## YOUR TASK
The expected output is the first line of the data below and every line after it, up to and including the line containing "2))) as [H2|H2].", each reproduced exactly.

================

Lemma in_arc_bisect p' p x : 0 <= p - p' <= PI -> in_arc p' p x ->
  (~ cos (x - p) < cos (x - p') -> in_arc ((p' + p) / 2) p x) /\
  (~ cos (x - p) > cos (x - p') -> in_arc p' ((p' + p) / 2) x).
Proof.
  intros Hw [k Hk].
  set (s := x + 2 * IZR k * PI - p') in *.
  assert (E : cos (x - p) = cos ((p - p') - s)).
  { rewrite <- (cos_add_2kPI (x - p) k), <- cos_neg. f_equal. unfold s. ring. }
  assert (E' : cos (x - p') = cos s).
  { rewrite <- (cos_add_2kPI (x - p') k). f_equal. unfold s. ring. }
  rewrite E, E'. split; intro H; exists k; unfold s in *; split; try lra.
  - destruct (Rle_or_lt ((p' + p) / 2) (x + 2 * IZR k * PI)) as [|Hs]; [assumption|].
    exfalso. apply H. apply cos_decreasing_1; lra.
  - destruct (Rle_or_lt (x + 2 * IZR k * PI) ((p' + p) / 2)) as [|Hs]; [assumption|].
    exfalso. apply H. apply cos_decreasing_1; lra.
Qed.

(* The first comparison, between [0] and [-PI], is the sign of [cos x]. *)
Lemma in_arc_halve_circle x : -PI <= x < PI ->
  (~ cos (x - 0) < cos (x - - PI) -> in_arc (- (PI / 2)) (PI / 2) x) /\
  (~ cos (x - 0) > cos (x - - PI) -> in_arc (PI / 2) (3 * (PI / 2)) x).
Proof.
  intro Hx. pose proof PI_RGT_0 as Hpi.
  replace (x - 0) with x by ring. replace (x - - PI) with (x + PI) by ring.
  rewrite neg_cos.
  assert (Hneg : forall y, PI / 2 < y <= PI -> cos y < 0).
  { intros y Hy. rewrite <- cos_PI2. apply cos_decreasing_1; lra. }
  split; intro H.
  - exists 0%Z. rewrite Rmult_0_r, Rmult_0_l, Rplus_0_r.
    destruct (Rle_or_lt x (PI / 2)) as [H1|H1].
    + destruct (Rle_or_lt (- (PI / 2)) x) as [H2|H2]; [lra|].
      exfalso. apply H. pose proof (Hneg (- x)). rewrite cos_neg in *. lra.
    + exfalso. apply H. pose proof (Hneg x). lra.
  - destruct (Rle_or_lt (PI / 2) x) as [H1|H1].
    + exists 0%Z. lra.
    + destruct (Rle_or_lt x (- (PI / 2))) as [H2|H2].
      * exists 1%Z. lra.
      * exfalso. apply H. pose proof (cos_gt_0 x). lra.
Qed.

Lemma cos_le_at_midpoint a b x d : in_arc a b x -> b - a <= 2 * d -> d <= PI ->
  cos d <= cos (x - (a + b) / 2).
Proof.
  intros [k Hk] Hw Hd. rewrite <- (cos_add_2kPI (x - (a + b) / 2) k).
  set (y := x - (a + b) / 2 + 2 * IZR k * PI).
  assert (Hy : Rabs y <= d) by (apply Rabs_le; unfold y; lra).
  replace (cos y) with (cos (Rabs y))
    by (unfold Rabs; destruct (Rcase_abs y); [apply cos_neg | reflexivity]).
  destruct (Rle_lt_or_eq_dec _ _ Hy) as [Hlt|Heq]; [|rewrite Heq; lra].
  left. apply cos_decreasing_1; [apply Rabs_pos | lra | | lra | exact Hlt].
  pose proof (Rabs_pos y). lra.
Qed.

Lemma PI_div_pow2_le n : PI / 2 ^ n <= PI.
Proof.
  pose proof PI_RGT_0 as Hpi. assert (1 <= 2 ^ n) by (apply pow_R1_Rle; lra).
  unfold Rdiv. rewrite <- (Rmult_1_r PI) at 2. apply Rmult_le_compat_l; [lra|].
  rewrite <- Rinv_1. apply Rinv_le_contravar; lra.
Qed.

================

## ANSWER SPACE
Lemma in_arc_bisect p' p x : 0 <= p - p' <= PI -> in_arc p' p x ->
  (~ cos (x - p) < cos (x - p') -> in_arc ((p' + p) / 2) p x) /\
  (~ cos (x - p) > cos (x - p') -> in_arc p' ((p' + p) / 2) x).
Proof.
  intros Hw [k Hk].
  set (s := x + 2 * IZR k * PI - p') in *.
  assert (E : cos (x - p) = cos ((p - p') - s)).
  { rewrite <- (cos_add_2kPI (x - p) k), <- cos_neg. f_equal. unfold s. ring. }
  assert (E' : cos (x - p') = cos s).
  { rewrite <- (cos_add_2kPI (x - p') k). f_equal. unfold s. ring. }
  rewrite E, E'. split; intro H; exists k; unfold s in *; split; try lra.
  - destruct (Rle_or_lt ((p' + p) / 2) (x + 2 * IZR k * PI)) as [|Hs]; [assumption|].
    exfalso. apply H. apply cos_decreasing_1; lra.
  - destruct (Rle_or_lt (x + 2 * IZR k * PI) ((p' + p) / 2)) as [|Hs]; [assumption|].
    exfalso. apply H. apply cos_decreasing_1; lra.
Qed.

(* The first comparison, between [0] and [-PI], is the sign of [cos x]. *)
Lemma in_arc_halve_circle x : -PI <= x < PI ->
  (~ cos (x - 0) < cos (x - - PI) -> in_arc (- (PI / 2)) (PI / 2) x) /\
  (~ cos (x - 0) > cos (x - - PI) -> in_arc (PI / 2) (3 * (PI / 2)) x).
Proof.
  intro Hx. pose proof PI_RGT_0 as Hpi.
  replace (x - 0) with x by ring. replace (x - - PI) with (x + PI) by ring.
  rewrite neg_cos.
  assert (Hneg : forall y, PI / 2 < y <= PI -> cos y < 0).
  { intros y Hy. rewrite <- cos_PI2. apply cos_decreasing_1; lra. }
  split; intro H.
  - exists 0%Z. rewrite Rmult_0_r, Rmult_0_l, Rplus_0_r.
    destruct (Rle_or_lt x (PI / 2)) as [H1|H1].
    + destruct (Rle_or_lt (- (PI / 2)) x) as [H2|H2]; [lra|].
      exfalso. apply H. pose proof (Hneg (- x)). rewrite cos_neg in *. lra.
    + exfalso. apply H. pose proof (Hneg x). lra.
  - destruct (Rle_or_lt (PI / 2) x) as [H1|H1].
    + exists 0%Z. lra.
    + destruct (Rle_or_lt x (- (PI / 2))) as [H2|H2].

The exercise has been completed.